YOUR INSTRUCTIONS
Would you restate the entries below exactly, keeping every line?

INPUT FOR THIS TASK
Lemma xm1_monic : xm1 F m \is monic.
Proof. exact: monicXnsubC. Qed.

Lemma size_xm1 : size (xm1 F m) = m.+1.
Proof. exact: size_XnsubC. Qed.

Lemma mk_monic_xm1 : mk_monic (xm1 F m) = xm1 F m.
Proof. by rewrite /mk_monic size_xm1 ltnS m_gt0 xm1_monic. Qed.

Lemma qpiE p : qpi p = rep m p :> {poly F}.
Proof. by rewrite /= mk_monic_xm1 -Pdiv.IdomainMonic.modpE ?xm1_monic. Qed.

Lemma size_qpoly (z : R) : (size (z : {poly F}) <= m)%N.
Proof. by rewrite -ltnS -size_xm1 -{2}mk_monic_xm1 size_mk_monic. Qed.

Lemma qpi_val (z : R) : qpi z = z.
Proof. by apply: val_inj; rewrite [val _]qpiE /rep modp_small // size_xm1 ltnS size_qpoly. Qed.

Lemma qpi_rep p : qpi (rep m p) = qpi p.
Proof. by apply: val_inj; rewrite ![val _]qpiE /rep modp_id. Qed.

Lemma qpi_eq0 p : (qpi p == 0) = (xm1 F m %| p).
Proof. by rewrite -val_eqE [val _]qpiE. Qed.

Lemma qX_expm : qX ^+ m = 1.
Proof.
by apply/eqP; have := qpi_eq0 (xm1 F m); rewrite dvdpp rmorphB rmorphXn rmorph1 subr_eq0.
Qed.

Lemma qX_expn_mod i j : i = j %[mod m] -> qX ^+ i = qX ^+ j.
Proof. by move=> eq_ij; rewrite -(expr_mod i qX_expm) eq_ij expr_mod // qX_expm. Qed.

Lemma val_qX_expn i : (i < m)%N -> qX ^+ i = 'X^i :> {poly F}.
Proof. by move=> lt_im; rewrite -rmorphXn qpiE /rep modp_small // size_polyXn size_xm1. Qed.

Lemma qpoly_expand (z : R) : z = \sum_(i < m) (z : {poly F})`_i *: qX ^+ i.
Proof.
rewrite -{1}[z]qpi_val {1}(poly_sum_coefX (size_qpoly z)) linear_sum.
by apply: eq_bigr => i _; rewrite linearZ rmorphXn.
Qed.

Lemma qpi_comp p q : qpi (p \Po q) = \sum_(i < size p) p`_i *: qpi q ^+ i.
Proof. by rewrite comp_polyE linear_sum; apply: eq_bigr => i _; rewrite linearZ rmorphXn. Qed.

Lemma qpi_comp_eql p1 p2 q :
  qpi p1 = qpi p2 -> qpi q ^+ m = 1 -> qpi (p1 \Po q) = qpi (p2 \Po q).
Proof.
move=> /eqP; rewrite -subr_eq0 -rmorphB qpi_eq0 => /dvdpP[d eq_d] qm1.
apply/eqP; rewrite -subr_eq0 -rmorphB -comp_polyB eq_d comp_polyM rmorphM.
by rewrite /xm1 comp_polyB comp_Xn_poly comp_polyC rmorphB rmorphXn rmorph1 qm1 subrr mulr0.
Qed.

Lemma qpi_comp_eqr p q1 q2 : qpi q1 = qpi q2 -> qpi (p \Po q1) = qpi (p \Po q2).
Proof. by move=> eq_q; rewrite !qpi_comp eq_q. Qed.

(* x |-> x^(m-1) = x^-1; on representatives this is the reversal [rbar] ([qpi_rbar]). *)
Definition qbar (z : R) : R := qpi ((z : {poly F}) \Po 'X^(m.-1)).
Arguments qbar : simpl never.

Lemma qbar_qpi p : qbar (qpi p) = qpi (p \Po 'X^(m.-1)).
Proof.
apply: qpi_comp_eql; first by rewrite qpi_val.
by rewrite rmorphXn -exprM mulnC exprM qX_expm expr1n.
Qed.

Lemma qbar_is_linear : linear qbar.
Proof. by move=> c z w; rewrite /qbar raddfD /= linearZ /= linearP. Qed.

Lemma qbar_is_monoid_morphism : monoid_morphism qbar.
Proof.
split=> [|z w]; first by have := qbar_qpi 1; rewrite !rmorph1.
by rewrite -[z]qpi_val -[w]qpi_val -rmorphM !qbar_qpi rmorphM rmorphM.
Qed.

#[local] HB.instance Definition _ := GRing.isSemilinear.Build F R R _ qbar
  (GRing.semilinear_linear qbar_is_linear).
#[local] HB.instance Definition _ :=
  GRing.isMonoidMorphism.Build R R qbar qbar_is_monoid_morphism.

Lemma qbar_qX_expn i : qbar (qX ^+ i) = qX ^+ (m.-1 * i).
Proof. by rewrite rmorphXn /= qbar_qpi comp_polyX !rmorphXn -exprM. Qed.

Lemma predn_sqr_mod : (m.-1 * m.-1 = 1 %[mod m])%N.
Proof.
by apply/eqP; rewrite -(eqn_modDr m.-1) -mulnSr add1n prednK // modnMl modnn.
Qed.

Lemma qbarK : involutive qbar.
Proof.
move=> z; rewrite -{1}[z]qpi_val !qbar_qpi -comp_polyA comp_Xn_poly -exprM.
rewrite -[RHS]qpi_val -{2}[z : {poly F}]comp_polyXr; apply: qpi_comp_eqr.
by rewrite rmorphXn -[RHS]expr1; apply: qX_expn_mod; apply: predn_sqr_mod.
Qed.

Lemma predn_mul_mod i : (i < m)%N -> (m.-1 * i = (m - i) %% m %[mod m])%N.
Proof.
move=> lt_im; apply/eqP; rewrite -(eqn_modDr i) -mulSnr prednK // modnMr.
by rewrite modnDml subnK ?(ltnW lt_im) // modnn.
Qed.

Lemma qpi_rbar p : qpi (rbar m p) = qbar (qpi p).
Proof.
rewrite /rbar linear_sum [in RHS](qpoly_expand (qpi p)) linear_sum.
apply: eq_bigr => i _; rewrite qpiE !linearZ /= qbar_qX_expn rmorphXn.
by congr (_ *: _); apply: qX_expn_mod; rewrite predn_mul_mod.
Qed.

TASK SOLUTION
Lemma xm1_monic : xm1 F m \is monic.
Proof. exact: monicXnsubC. Qed.

Lemma size_xm1 : size (xm1 F m) = m.+1.
Proof. exact: size_XnsubC. Qed.

Lemma mk_monic_xm1 : mk_monic (xm1 F m) = xm1 F m.
Proof. by rewrite /mk_monic size_xm1 ltnS m_gt0 xm1_monic. Qed.

Lemma qpiE p : qpi p = rep m p :> {poly F}.
Proof. by rewrite /= mk_monic_xm1 -Pdiv.IdomainMonic.modpE ?xm1_monic. Qed.

Lemma size_qpoly (z : R) : (size (z : {poly F}) <= m)%N.
Proof. by rewrite -ltnS -size_xm1 -{2}mk_monic_xm1 size_mk_monic. Qed.

Lemma qpi_val (z : R) : qpi z = z.
Proof. by apply: val_inj; rewrite [val _]qpiE /rep modp_small // size_xm1 ltnS size_qpoly. Qed.

Lemma qpi_rep p : qpi (rep m p) = qpi p.
Proof. by apply: val_inj; rewrite ![val _]qpiE /rep modp_id. Qed.

Lemma qpi_eq0 p : (qpi p == 0) = (xm1 F m %| p).
Proof. by rewrite -val_eqE [val _]qpiE. Qed.

Lemma qX_expm : qX ^+ m = 1.
Proof.
by apply/eqP; have := qpi_eq0 (xm1 F m); rewrite dvdpp rmorphB rmorphXn rmorph1 subr_eq0.
Qed.

Lemma qX_expn_mod i j : i = j %[mod m] -> qX ^+ i = qX ^+ j.
Proof. by move=> eq_ij; rewrite -(expr_mod i qX_expm) eq_ij expr_mod // qX_expm. Qed.

Lemma val_qX_expn i : (i < m)%N -> qX ^+ i = 'X^i :> {poly F}.
Proof. by move=> lt_im; rewrite -rmorphXn qpiE /rep modp_small // size_polyXn size_xm1. Qed.

Lemma qpoly_expand (z : R) : z = \sum_(i < m) (z : {poly F})`_i *: qX ^+ i.
Proof.
rewrite -{1}[z]qpi_val {1}(poly_sum_coefX (size_qpoly z)) linear_sum.
by apply: eq_bigr => i _; rewrite linearZ rmorphXn.
Qed.

Lemma qpi_comp p q : qpi (p \Po q) = \sum_(i < size p) p`_i *: qpi q ^+ i.
Proof. by rewrite comp_polyE linear_sum; apply: eq_bigr => i _; rewrite linearZ rmorphXn. Qed.

Lemma qpi_comp_eql p1 p2 q :
  qpi p1 = qpi p2 -> qpi q ^+ m = 1 -> qpi (p1 \Po q) = qpi (p2 \Po q).
Proof.
move=> /eqP; rewrite -subr_eq0 -rmorphB qpi_eq0 => /dvdpP[d eq_d] qm1.
apply/eqP; rewrite -subr_eq0 -rmorphB -comp_polyB eq_d comp_polyM rmorphM.
by rewrite /xm1 comp_polyB comp_Xn_poly comp_polyC rmorphB rmorphXn rmorph1 qm1 subrr mulr0.
Qed.

Lemma qpi_comp_eqr p q1 q2 : qpi q1 = qpi q2 -> qpi (p \Po q1) = qpi (p \Po q2).
Proof. by move=> eq_q; rewrite !qpi_comp eq_q. Qed.

(* x |-> x^(m-1) = x^-1; on representatives this is the reversal [rbar] ([qpi_rbar]). *)
Definition qbar (z : R) : R := qpi ((z : {poly F}) \Po 'X^(m.-1)).
Arguments qbar : simpl never.

Lemma qbar_qpi p : qbar (qpi p) = qpi (p \Po 'X^(m.-1)).
Proof.
apply: qpi_comp_eql; first by rewrite qpi_val.
by rewrite rmorphXn -exprM mulnC exprM qX_expm expr1n.
Qed.

Lemma qbar_is_linear : linear qbar.
Proof. by move=> c z w; rewrite /qbar raddfD /= linearZ /= linearP. Qed.

Lemma qbar_is_monoid_morphism : monoid_morphism qbar.
Proof.
split=> [|z w]; first by have := qbar_qpi 1; rewrite !rmorph1.
by rewrite -[z]qpi_val -[w]qpi_val -rmorphM !qbar_qpi rmorphM rmorphM.
Qed.

#[local] HB.instance Definition _ := GRing.isSemilinear.Build F R R _ qbar
  (GRing.semilinear_linear qbar_is_linear).
#[local] HB.instance Definition _ :=
  GRing.isMonoidMorphism.Build R R qbar qbar_is_monoid_morphism.

Lemma qbar_qX_expn i : qbar (qX ^+ i) = qX ^+ (m.-1 * i).
Proof. by rewrite rmorphXn /= qbar_qpi comp_polyX !rmorphXn -exprM. Qed.

Lemma predn_sqr_mod : (m.-1 * m.-1 = 1 %[mod m])%N.
Proof.
by apply/eqP; rewrite -(eqn_modDr m.-1) -mulnSr add1n prednK // modnMl modnn.
Qed.

Lemma qbarK : involutive qbar.
Proof.
move=> z; rewrite -{1}[z]qpi_val !qbar_qpi -comp_polyA comp_Xn_poly -exprM.
rewrite -[RHS]qpi_val -{2}[z : {poly F}]comp_polyXr; apply: qpi_comp_eqr.
by rewrite rmorphXn -[RHS]expr1; apply: qX_expn_mod; apply: predn_sqr_mod.
Qed.

Lemma predn_mul_mod i : (i < m)%N -> (m.-1 * i = (m - i) %% m %[mod m])%N.
Proof.
move=> lt_im; apply/eqP; rewrite -(eqn_modDr i) -mulSnr prednK // modnMr.
by rewrite modnDml subnK ?(ltnW lt_im) // modnn.
Qed.

Lemma qpi_rbar p : qpi (rbar m p) = qbar (qpi p).
Proof.
rewrite /rbar linear_sum [in RHS](qpoly_expand (qpi p)) linear_sum.
apply: eq_bigr => i _; rewrite qpiE !linearZ /= qbar_qX_expn rmorphXn.
by congr (_ *: _); apply: qX_expn_mod; rewrite predn_mul_mod.
Qed.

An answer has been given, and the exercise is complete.